The act of consultation is based upon chance, the random division of a set of 50 yarrow stalks or throwing and counting three coins six times. This chance event empowers a spirit beyond conscious control. It gives the forces behind your situation the chance to speak by singling out one or more of the book’s symbols. Through this procedure, what you see as a problem to be mastered becomes a sign or symbolic occurrence that links you with another world. Like a shaman’s drum and dance, these symbols can speak to you on many levels, beginning a creative process which, in traditional terms, completes the ceaseless activity of heaven. This is religion at its fundamental level. It reflects a sense of spirit that unites the great and the small, a spirit that moves in each individual….
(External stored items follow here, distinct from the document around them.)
Definition lincomb3 (a b c : R) (Q1 Q2 Q3 : vfield) : vfield :=
  VF (fun t x u => a * vt Q1 t x u + b * vt Q2 t x u + c * vt Q3 t x u)
     (fun t x u => a * vx Q1 t x u + b * vx Q2 t x u + c * vx Q3 t x u)
     (fun t x u => a * vu Q1 t x u + b * vu Q2 t x u + c * vu Q3 t x u).

Definition scale_vf (a : R) (Q : vfield) : vfield :=
  VF (fun t x u => a * vt Q t x u) (fun t x u => a * vx Q t x u)
     (fun t x u => a * vu Q t x u).

Definition vf_eq_box (t0 t1 x0 x1 u0 u1 : R) (Q P : vfield) : Prop :=
  forall t x u, in_box t0 t1 x0 x1 u0 u1 t x u ->
    vt Q t x u = vt P t x u /\ vx Q t x u = vx P t x u /\ vu Q t x u = vu P t x u.

Definition vf_zero : vfield := VF (fun _ _ _ => 0) (fun _ _ _ => 0) (fun _ _ _ => 0).

Definition lin_indep3 (t0 t1 x0 x1 u0 u1 : R) (Q1 Q2 Q3 : vfield) : Prop :=
  forall a b c : R,
    vf_eq_box t0 t1 x0 x1 u0 u1 (lincomb3 a b c Q1 Q2 Q3) vf_zero ->
    a = 0 /\ b = 0 /\ c = 0.

Definition special_form (t0 t1 x0 x1 u0 u1 : R) (Q : vfield) : Prop :=
  exists (tau xi h : R -> R) (r : R -> R -> R),
    forall t x u, in_box t0 t1 x0 x1 u0 u1 t x u ->
      vt Q t x u = tau t /\ vx Q t x u = xi x /\ vu Q t x u = h t * u + r t x.

(* A point of the second-order jet space, coordinates:
   0:t 1:x 2:u 3:u_t 4:u_x 5:u_tt 6:u_tx 7:u_xx *)
Definition jet := nat -> R.

Definition upd (p : jet) (k : nat) (s : R) : jet :=
  fun i => if Nat.eqb i k then s else p i.

Definition pd (k : nat) (F : jet -> R) (p : jet) : R :=
  Derive (fun s => F (upd p k s)) (p k).

Definition lift3 (F : fun3) : jet -> R := fun p => F (p 0%nat) (p 1%nat) (p 2%nat).

(* Total derivatives D_t, D_x of jet functions depending on (t,x,u,u_t,u_x)
   only (for such functions these are the exact total derivatives). *)
Definition Dt (F : jet -> R) (p : jet) : R :=
  pd 0 F p + p 3%nat * pd 2 F p + p 5%nat * pd 3 F p + p 6%nat * pd 4 F p.
Definition Dx (F : jet -> R) (p : jet) : R :=
  pd 1 F p + p 4%nat * pd 2 F p + p 6%nat * pd 3 F p + p 7%nat * pd 4 F p.

Definition eta_t (Q : vfield) (p : jet) : R :=
  Dt (lift3 (vu Q)) p - p 3%nat * Dt (lift3 (vt Q)) p - p 4%nat * Dt (lift3 (vx Q)) p.
Definition eta_x (Q : vfield) (p : jet) : R :=
  Dx (lift3 (vu Q)) p - p 3%nat * Dx (lift3 (vt Q)) p - p 4%nat * Dx (lift3 (vx Q)) p.
Definition eta_tt (Q : vfield) (p : jet) : R :=
  Dt (eta_t Q) p - p 5%nat * Dt (lift3 (vt Q)) p - p 6%nat * Dt (lift3 (vx Q)) p.
Definition eta_tx (Q : vfield) (p : jet) : R :=
  Dx (eta_t Q) p - p 5%nat * Dx (lift3 (vt Q)) p - p 6%nat * Dx (lift3 (vx Q)) p.
Definition eta_xx (Q : vfield) (p : jet) : R :=
  Dx (eta_x Q) p - p 6%nat * Dx (lift3 (vt Q)) p - p 7%nat * Dx (lift3 (vx Q)) p.

Definition pr2 (Q : vfield) (Delta : jet -> R) (p : jet) : R :=
    lift3 (vt Q) p * pd 0 Delta p + lift3 (vx Q) p * pd 1 Delta p
  + lift3 (vu Q) p * pd 2 Delta p
  + eta_t Q p * pd 3 Delta p + eta_x Q p * pd 4 Delta p
  + eta_tt Q p * pd 5 Delta p + eta_tx Q p * pd 6 Delta p
  + eta_xx Q p * pd 7 Delta p.

Definition Delta_eq (g : R -> R -> R) (f : fun3) (p : jet) : R :=
  p 6%nat - g (p 0%nat) (p 1%nat) * p 4%nat - f (p 0%nat) (p 1%nat) (p 2%nat).

Definition is_symmetry (t0 t1 x0 x1 u0 u1 : R) (g : R -> R -> R) (f : fun3)
    (Q : vfield) : Prop :=
  forall p : jet, in_box t0 t1 x0 x1 u0 u1 (p 0%nat) (p 1%nat) (p 2%nat) ->
    Delta_eq g f p = 0 -> pr2 Q (Delta_eq g f) p = 0.

Definition so3_relations (t0 t1 x0 x1 u0 u1 : R) (Q1 Q2 Q3 : vfield) : Prop :=
  vf_eq_box t0 t1 x0 x1 u0 u1 (bracket Q1 Q2) Q3 /\
  vf_eq_box t0 t1 x0 x1 u0 u1 (bracket Q2 Q3) Q1 /\
  vf_eq_box t0 t1 x0 x1 u0 u1 (bracket Q3 Q1) Q2.

Definition sl2_relations (t0 t1 x0 x1 u0 u1 : R) (Q1 Q2 Q3 : vfield) : Prop :=
  vf_eq_box t0 t1 x0 x1 u0 u1 (bracket Q1 Q2) Q1 /\
  vf_eq_box t0 t1 x0 x1 u0 u1 (bracket Q2 Q3) Q3 /\
  vf_eq_box t0 t1 x0 x1 u0 u1 (bracket Q1 Q3) (scale_vf 2 Q2).

From Pilot Require Import Defs.
From Stdlib Require Import Reals Lra.
From Coquelicot Require Import Coquelicot.
Open Scope R_scope.

(* Write Q_k = tau_k d_t + xi_k d_x + (h_k u + r_k) d_u.  Brackets act componentwise, so
   (tau_k) and (xi_k) satisfy the commutation relations as vector fields on a line, and the
   coefficients of u in the d_u-parts give tau_i h_j' - tau_j h_i' = c h_k.

   For so(3) the relations read a = a x a' for a = (tau_k) and a = (xi_k), whence |a|^2 = 0: the
   fields are vertical, and then the d_u-parts force h = 0 and r = 0.

   For sl(2,R) the invariance criterion yields h_k' = tau_k' g + tau_k g_t + xi_k g_x and a second
   determining equation, affine in u.  Differentiating the first in x and the second in u (where
   f_uu <> 0 is used) puts (h_k) in the span of (tau_k) and (xi_k), while the brackets give
   h_k = g tau_k + g_x (tau_i xi_j - tau_j xi_i).  Both (tau_k) and (xi_k) are null for the
   invariant form v_2^2 - v_1 v_3, which forces tau_i xi_j = tau_j xi_i, so h_k = g tau_k.  As h_k
   does not depend on x and g_x <> 0, tau = 0; then h = 0, xi = 0 and r = 0.

   In both cases Q_1 = 0, contradicting linear independence. *)

(* [auto_derive] leaves eta-expanded [fun x => F x], which [ring] does not identify with [F]. *)
Ltac eta_reduce :=
  repeat match goal with
  | |- context [fun x : R => ?F x] => change (fun x : R => F x) with F
  end.

Lemma locally_open_interval a b y (P : R -> Prop) :
  a < y < b -> (forall s, a < s < b -> P s) -> locally y P.
Proof.
  intros [Ha Hb] HP. apply (locally_interval _ y a b Ha Hb).
  intros s Has Hsb. apply HP. split; assumption.
Qed.

Lemma Derive_locally_const (F : R -> R) c y :
  locally y (fun s => F s = c) -> Derive F y = 0.
Proof.
  intros HF. rewrite (Derive_ext_loc F (fun _ => c)) by exact HF. apply Derive_const.
Qed.

Lemma Derive_const_plus (F : R -> R) a y : Derive (fun s => a + F s) y = Derive F y.
Proof. unfold Derive. f_equal. apply Lim_ext. intros e. f_equal. ring. Qed.

Lemma locally_scaled_const_zero (F : R -> R) a c y :
  locally y (fun s => F s * a = c) -> Derive F y <> 0 -> a = 0.
Proof.
  intros Hc HF0.
  assert (Hd : Derive (fun s => F s * a) y = 0) by exact (Derive_locally_const _ c y Hc).
  rewrite Derive_scal_l in Hd.
  destruct (Rmult_integral _ _ Hd) as [H | H]; [contradiction | exact H].
Qed.

Lemma affine_coeffs_eq a b c d u u' :
  u <> u' -> a * u + b = c * u + d -> a * u' + b = c * u' + d -> a = c /\ b = d.
Proof.
  intros Hu E E'.
  assert (Hac : (a - c) * (u - u') = 0) by lra.
  destruct (Rmult_integral _ _ Hac) as [H | H]; [| lra].
  assert (Hc : a = c) by lra. subst c. split; [reflexivity | lra].
Qed.

(* a = a x b, hence |a|^2 = (a x b) . a = 0. *)
Lemma so3_fixed_zero a1 a2 a3 b1 b2 b3 :
  a2 * b3 - a3 * b2 = a1 -> a3 * b1 - a1 * b3 = a2 -> a1 * b2 - a2 * b1 = a3 ->
  a1 = 0 /\ a2 = 0 /\ a3 = 0.
Proof.
  intros H1 H2 H3.
  assert (Hn : a1 * a1 + a2 * a2 + a3 * a3 = 0).
  { rewrite <- H1 at 1. rewrite <- H2 at 2. rewrite <- H3 at 3. ring. }
  repeat split; nra.
Qed.

Lemma sl2_cone a1 a2 a3 b1 b2 b3 :
  a1 * b2 - a2 * b1 = a1 -> a2 * b3 - a3 * b2 = a3 -> a1 * b3 - a3 * b1 = 2 * a2 ->
  a2 * a2 = a1 * a3.
Proof.
  intros H1 H2 H3.
  pose proof (f_equal (Rmult a3) H1). pose proof (f_equal (Rmult a1) H2).
  pose proof (f_equal (Rmult a2) H3). lra.
Qed.

(* (w_1, w_3 / 2, w_2) = (c a + d b) / G for the minors w of (a, b); the vanishing determinant of
   these three vectors gives w_3^2 = 4 w_1 w_2, which on the cone v_2^2 = v_1 v_3 forces w = 0. *)
Lemma cone_commutators_zero a1 a2 a3 b1 b2 b3 c d G :
  a2 * a2 = a1 * a3 -> b2 * b2 = b1 * b3 -> G <> 0 ->
  G * (a1 * b2 - a2 * b1) = c * a1 + d * b1 ->
  G * (a2 * b3 - a3 * b2) = c * a3 + d * b3 ->
  G * (a1 * b3 - a3 * b1) = 2 * (c * a2 + d * b2) ->
  a1 * b2 - a2 * b1 = 0 /\ a2 * b3 - a3 * b2 = 0 /\ a1 * b3 - a3 * b1 = 0.
Proof.
  intros Ca Cb HG H1 H2 H3.
  set (w1 := a1 * b2 - a2 * b1) in *. set (w2 := a2 * b3 - a3 * b2) in *.
  set (w3 := a1 * b3 - a3 * b1) in *.
  assert (Hdet : (c * a1 + d * b1) * w2 - (c * a2 + d * b2) * w3 + (c * a3 + d * b3) * w1 = 0)
    by (unfold w1, w2, w3; ring).
  assert (Hw : 4 * w1 * w2 = w3 * w3).
  { apply (Rmult_eq_reg_l G); [| exact HG].
    rewrite <- H1, <- H2 in Hdet. pose proof (f_equal (Rmult w3) H3). lra. }
  assert (Hs : a1 * b3 + a3 * b1 - 2 * a2 * b2 = 0).
  { apply Rsqr_0_uniq; unfold Rsqr.
    replace ((a1 * b3 + a3 * b1 - 2 * a2 * b2) * (a1 * b3 + a3 * b1 - 2 * a2 * b2))
      with (w3 * w3 - 4 * w1 * w2 - 4 * (a1 * a3 - a2 * a2) * (b2 * b2 - b1 * b3))
      by (unfold w1, w2, w3; ring).
    rewrite Ca, Cb, Hw. ring. }
  assert (W1 : w1 = 0).
  { apply Rsqr_0_uniq; unfold Rsqr.
    replace (w1 * w1) with (a1 * b1 * (a1 * b3 + a3 * b1 - 2 * a2 * b2)
      + a1 * a1 * (b2 * b2 - b1 * b3) + b1 * b1 * (a2 * a2 - a1 * a3)) by (unfold w1; ring).
    rewrite Hs, Ca, Cb. ring. }
  assert (W2 : w2 = 0).
  { apply Rsqr_0_uniq; unfold Rsqr.
    replace (w2 * w2) with (a3 * b3 * (a1 * b3 + a3 * b1 - 2 * a2 * b2)
      + b3 * b3 * (a2 * a2 - a1 * a3) + a3 * a3 * (b2 * b2 - b1 * b3)) by (unfold w2; ring).
    rewrite Hs, Ca, Cb. ring. }
  repeat split; [exact W1 | exact W2 |].
  apply Rsqr_0_uniq; unfold Rsqr. rewrite <- Hw, W1. ring.
Qed.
The term emphasizes imagination, openness and fluidity. It suggests the ability to change direction quickly and the use of a variety of imaginative stances to mirror the variety of being. The most adequate English translation of this is versatility, the ability to remain available to and be moved by the unforeseen demands of time, fate and psyche. This term interweaves the I of the cosmos, the I of the book, and your own I, if you use it.
I in the human world is understood in terms of three other themes, tao, te, and chun tzu. Tao, literally way, is the flow or stream of creative energy that makes life possible, the say in which everything happens and the way on which everything happens. Te, often translated as power or virtue, refers to the power to realize tao in action, to become what you are meant to be. A chun tzu is someone who seeks to acquire te through invitations to a dialogue with the way, its power and its virtue. What the chun tzu finds through this dialogue is significance, the experience of spirit, meaning and connection. (Pp 9-10)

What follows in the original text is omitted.